PROBLEM REQUIREMENTS:
Beneath this line are the data; copy exactly the part of them that opens with the line containing "have enough : n" and closes with the line containing "Lemma uniform_image n", and only that part.

GIVEN RECORDS:
--*--
(* Choose n^2 quadratic polynomials over the field of order 2^k, where 2^k <= n < 2^(k+1):
   this settles all n >= 8 with budget (k + 2) n. *)
Lemma large_almost_hittable n : 8 <= n ->
  exists k, exists E : {set {set 'I_n * 'I_n}},
    [/\ 3 <= k, 2 ^ k <= n, uniform n E, #|E| = n * n & almost_hittable n ((k + 2) * n) E].
Proof.
move=> n_ge8; set k := trunc_log 2 n.
have pow_le : 2 ^ k <= n by apply: trunc_logP; lia.
have pow_gt : n < 2 ^ k.+1 by apply: trunc_log_ltn.
have k_ge3 : 3 <= k.
  by rewrite -ltnS -(@ltn_exp2l 2) //; apply: leq_ltn_trans n_ge8 pow_gt.
have [K _ card_K] := pPrimePowerField (isT : prime 2) (ltnW (ltnW k_ge3)).
have le_Kn : #|K| <= n by rewrite card_K.
have lt_n2K : n < 2 * #|K| by rewrite card_K -expnS.
have many_polys : n * n <= #|[set: {poly_3 K}]|.
  by rewrite cardsT card_npoly; move: lt_n2K n_ge8; move: #|K| => q; nia.
have [P _ cardP] := subset_of_card many_polys.
have n_gt4 : 4 < n by lia.
have k2_le : k + 2 <= n by rewrite (leq_trans (add2_le_pow2 _)) //; lia.
exists k, [set edge le_Kn lt_n2K p | p in P]; split => //.
- by move=> e /imsetP[p _ ->]; exact: card_edge.
- by rewrite card_imset //; exact: edge_inj.
- by apply: grid_almost_hittable => //; move: pow_gt; rewrite expnD expnS (_ : 2 ^ 2 = 4) //; lia.
Qed.

(* On n^2 vertices there are at least n^2 sets of size n, hence an n-uniform
   hypergraph with n^2 edges. *)
Lemma exists_uniform (V : finType) n : 0 < n -> #|V| = n * n ->
  exists E : {set {set V}}, uniform n E /\ #|E| = n * n.
Proof.
move=> n_gt0 card_V.
have enough : n * n <= #|[set e : {set V} | #|e| == n]|.
  rewrite card_draws card_V; case: (ltnP 1 n) => [n_gt1 | n_le1].
    by apply: bin_ge; nia.
  by have -> : n = 1 by lia.
have [E sub card_E] := subset_of_card enough.
by exists E; split => // e /(subsetP sub); rewrite inE => /eqP.
Qed.

Lemma few_edges_almost_hittable (V : finType) n (E : {set {set V}}) :
  #|E| <= n -> almost_hittable n 0 E.
Proof.
move=> few F _; exists set0; split; rewrite ?cards0 //.
  by rewrite disjoints_subset sub0set.
apply: leq_trans few; apply/subset_leq_card/subsetP=> e.
by rewrite inE => /andP[].
Qed.

(* For n < 10 no vertex may be forbidden, and the whole vertex set meets every
   (nonempty) edge. *)
Lemma small_almost_hittable (V : finType) n (E : {set {set V}}) :
  0 < n < 10 -> uniform n E -> almost_hittable n #|V| E.
Proof.
move=> /andP[n_gt0 n_lt10] unifE F smallF.
have F0 : F = set0 by apply/cards0_eq; move: smallF; move: #|F| => f; nia.
exists [set: V]; split; rewrite ?cardsT ?F0 ?disjoints_subset ?setC0 //.
rewrite /missed; suff -> : [set e in E | [disjoint e & [set: V]]] = set0 by rewrite cards0.
apply/setP=> e; rewrite !inE; apply/negbTE/andP => -[Ee].
rewrite disjoints_subset setCT subset0 => /eqP e0.
by have := unifE e Ee; rewrite e0 cards0; lia.
Qed.

Section Image.
Variables (V W : finType) (g : V -> W).
Hypothesis g_inj : injective g.

Definition image_hypergraph (E : {set {set V}}) : {set {set W}} :=
  [set g @: e | e : {set V} in E].

Lemma uniform_image n (E : {set {set V}}) : uniform n E -> uniform n (image_hypergraph E).
Proof. by move=> unifE e' /imsetP[e Ee ->]; rewrite card_imset ?unifE. Qed.

Lemma card_image_hypergraph (E : {set {set V}}) : #|image_hypergraph E| = #|E|.
Proof. by rewrite card_imset //; apply: imset_inj. Qed.

(* An injection preserves disjointness, hence the number of missed edges. *)
Lemma missed_image (E : {set {set V}}) (H : {set V}) :
  missed (image_hypergraph E) (g @: H) = missed E H.
Proof.
rewrite /missed -(card_imset _ (imset_inj g_inj)); apply: eq_card => e; rewrite !inE.
apply/andP/imsetP => [[/imsetP[e0 Ee0 ->]] | [e0]].
  by rewrite imset_disjoint // => miss; exists e0; rewrite // inE Ee0.
by rewrite inE => /andP[Ee0 miss] ->; rewrite imset_f ?imset_disjoint.
Qed.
--*--
RESPONSE:
have enough : n * n <= #|[set e : {set V} | #|e| == n]|.
  rewrite card_draws card_V; case: (ltnP 1 n) => [n_gt1 | n_le1].
    by apply: bin_ge; nia.
  by have -> : n = 1 by lia.
have [E sub card_E] := subset_of_card enough.
by exists E; split => // e /(subsetP sub); rewrite inE => /eqP.
Qed.

Lemma few_edges_almost_hittable (V : finType) n (E : {set {set V}}) :
  #|E| <= n -> almost_hittable n 0 E.
Proof.
move=> few F _; exists set0; split; rewrite ?cards0 //.
  by rewrite disjoints_subset sub0set.
apply: leq_trans few; apply/subset_leq_card/subsetP=> e.
by rewrite inE => /andP[].
Qed.

(* For n < 10 no vertex may be forbidden, and the whole vertex set meets every
   (nonempty) edge. *)
Lemma small_almost_hittable (V : finType) n (E : {set {set V}}) :
  0 < n < 10 -> uniform n E -> almost_hittable n #|V| E.
Proof.
move=> /andP[n_gt0 n_lt10] unifE F smallF.
have F0 : F = set0 by apply/cards0_eq; move: smallF; move: #|F| => f; nia.
exists [set: V]; split; rewrite ?cardsT ?F0 ?disjoints_subset ?setC0 //.
rewrite /missed; suff -> : [set e in E | [disjoint e & [set: V]]] = set0 by rewrite cards0.
apply/setP=> e; rewrite !inE; apply/negbTE/andP => -[Ee].
rewrite disjoints_subset setCT subset0 => /eqP e0.
by have := unifE e Ee; rewrite e0 cards0; lia.
Qed.

Section Image.
Variables (V W : finType) (g : V -> W).
Hypothesis g_inj : injective g.

Definition image_hypergraph (E : {set {set V}}) : {set {set W}} :=
  [set g @: e | e : {set V} in E].

Lemma uniform_image n (E : {set {set V}}) : uniform n E -> uniform n (image_hypergraph E).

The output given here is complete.